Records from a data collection

- - - - - - -

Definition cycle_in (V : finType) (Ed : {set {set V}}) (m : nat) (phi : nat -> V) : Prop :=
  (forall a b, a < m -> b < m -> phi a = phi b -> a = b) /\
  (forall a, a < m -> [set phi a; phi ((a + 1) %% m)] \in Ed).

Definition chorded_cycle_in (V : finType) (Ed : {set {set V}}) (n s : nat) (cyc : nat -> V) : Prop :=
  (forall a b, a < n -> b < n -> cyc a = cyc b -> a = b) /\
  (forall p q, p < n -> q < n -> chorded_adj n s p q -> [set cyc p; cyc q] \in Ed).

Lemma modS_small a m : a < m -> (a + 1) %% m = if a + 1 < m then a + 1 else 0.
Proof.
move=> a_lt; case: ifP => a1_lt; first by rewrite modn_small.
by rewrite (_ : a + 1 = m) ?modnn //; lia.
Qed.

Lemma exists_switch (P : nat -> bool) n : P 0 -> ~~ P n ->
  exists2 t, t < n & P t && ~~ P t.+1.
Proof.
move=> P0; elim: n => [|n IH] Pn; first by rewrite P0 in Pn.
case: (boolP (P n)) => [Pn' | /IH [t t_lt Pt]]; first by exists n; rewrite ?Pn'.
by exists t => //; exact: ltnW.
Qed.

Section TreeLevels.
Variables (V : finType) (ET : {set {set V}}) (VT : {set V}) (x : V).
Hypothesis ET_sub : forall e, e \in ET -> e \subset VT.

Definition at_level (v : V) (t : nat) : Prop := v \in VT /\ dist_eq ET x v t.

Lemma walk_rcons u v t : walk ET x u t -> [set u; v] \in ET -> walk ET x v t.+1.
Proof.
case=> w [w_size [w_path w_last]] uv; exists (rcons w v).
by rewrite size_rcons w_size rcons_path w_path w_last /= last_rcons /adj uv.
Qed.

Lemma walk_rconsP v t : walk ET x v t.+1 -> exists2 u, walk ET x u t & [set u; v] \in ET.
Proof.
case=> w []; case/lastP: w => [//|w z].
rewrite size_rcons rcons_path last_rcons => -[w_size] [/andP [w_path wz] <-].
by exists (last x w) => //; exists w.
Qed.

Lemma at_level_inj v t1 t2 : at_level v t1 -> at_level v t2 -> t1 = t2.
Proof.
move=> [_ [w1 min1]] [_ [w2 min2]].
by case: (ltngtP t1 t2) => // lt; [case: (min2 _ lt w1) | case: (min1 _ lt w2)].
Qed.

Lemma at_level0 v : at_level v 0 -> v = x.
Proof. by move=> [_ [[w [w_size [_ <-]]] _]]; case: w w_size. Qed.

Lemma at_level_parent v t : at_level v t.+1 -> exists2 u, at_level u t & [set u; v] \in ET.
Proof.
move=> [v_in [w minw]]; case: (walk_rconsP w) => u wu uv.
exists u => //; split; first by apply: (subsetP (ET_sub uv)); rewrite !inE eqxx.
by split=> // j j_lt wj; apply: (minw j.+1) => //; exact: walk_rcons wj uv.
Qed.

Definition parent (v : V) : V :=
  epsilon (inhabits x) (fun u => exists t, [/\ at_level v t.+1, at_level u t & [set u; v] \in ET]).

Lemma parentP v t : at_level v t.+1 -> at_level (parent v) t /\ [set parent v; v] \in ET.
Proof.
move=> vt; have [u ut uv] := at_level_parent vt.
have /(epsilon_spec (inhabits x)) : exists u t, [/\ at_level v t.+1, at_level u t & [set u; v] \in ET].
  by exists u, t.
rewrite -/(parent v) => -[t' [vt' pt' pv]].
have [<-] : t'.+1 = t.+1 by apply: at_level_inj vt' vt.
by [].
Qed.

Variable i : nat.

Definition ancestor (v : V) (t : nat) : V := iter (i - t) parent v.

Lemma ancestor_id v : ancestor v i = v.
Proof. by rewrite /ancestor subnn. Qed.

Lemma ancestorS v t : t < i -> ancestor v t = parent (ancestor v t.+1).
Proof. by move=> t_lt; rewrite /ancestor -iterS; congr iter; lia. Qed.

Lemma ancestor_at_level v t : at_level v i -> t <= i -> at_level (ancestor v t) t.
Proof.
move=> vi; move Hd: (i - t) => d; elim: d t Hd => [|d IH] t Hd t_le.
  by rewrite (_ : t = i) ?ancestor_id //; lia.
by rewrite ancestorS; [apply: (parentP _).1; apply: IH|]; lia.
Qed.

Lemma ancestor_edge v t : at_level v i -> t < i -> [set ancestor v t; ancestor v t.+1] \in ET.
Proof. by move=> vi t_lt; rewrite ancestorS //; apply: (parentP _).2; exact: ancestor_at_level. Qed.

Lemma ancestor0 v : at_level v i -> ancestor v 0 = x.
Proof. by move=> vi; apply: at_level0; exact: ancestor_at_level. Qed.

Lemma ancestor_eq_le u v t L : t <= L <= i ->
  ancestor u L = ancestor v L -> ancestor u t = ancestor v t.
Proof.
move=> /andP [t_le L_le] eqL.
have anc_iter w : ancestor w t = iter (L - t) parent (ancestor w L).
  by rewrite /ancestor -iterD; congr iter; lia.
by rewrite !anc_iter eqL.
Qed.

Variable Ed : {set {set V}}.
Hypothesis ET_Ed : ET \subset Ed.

- - - - - - -

§ **Task to complete**
Pick out the lines above that hold the string "Hypothesis" and show them.

§ **Output below**
Hypothesis ET_sub : forall e, e \in ET -> e \subset VT.
Hypothesis ET_Ed : ET \subset Ed.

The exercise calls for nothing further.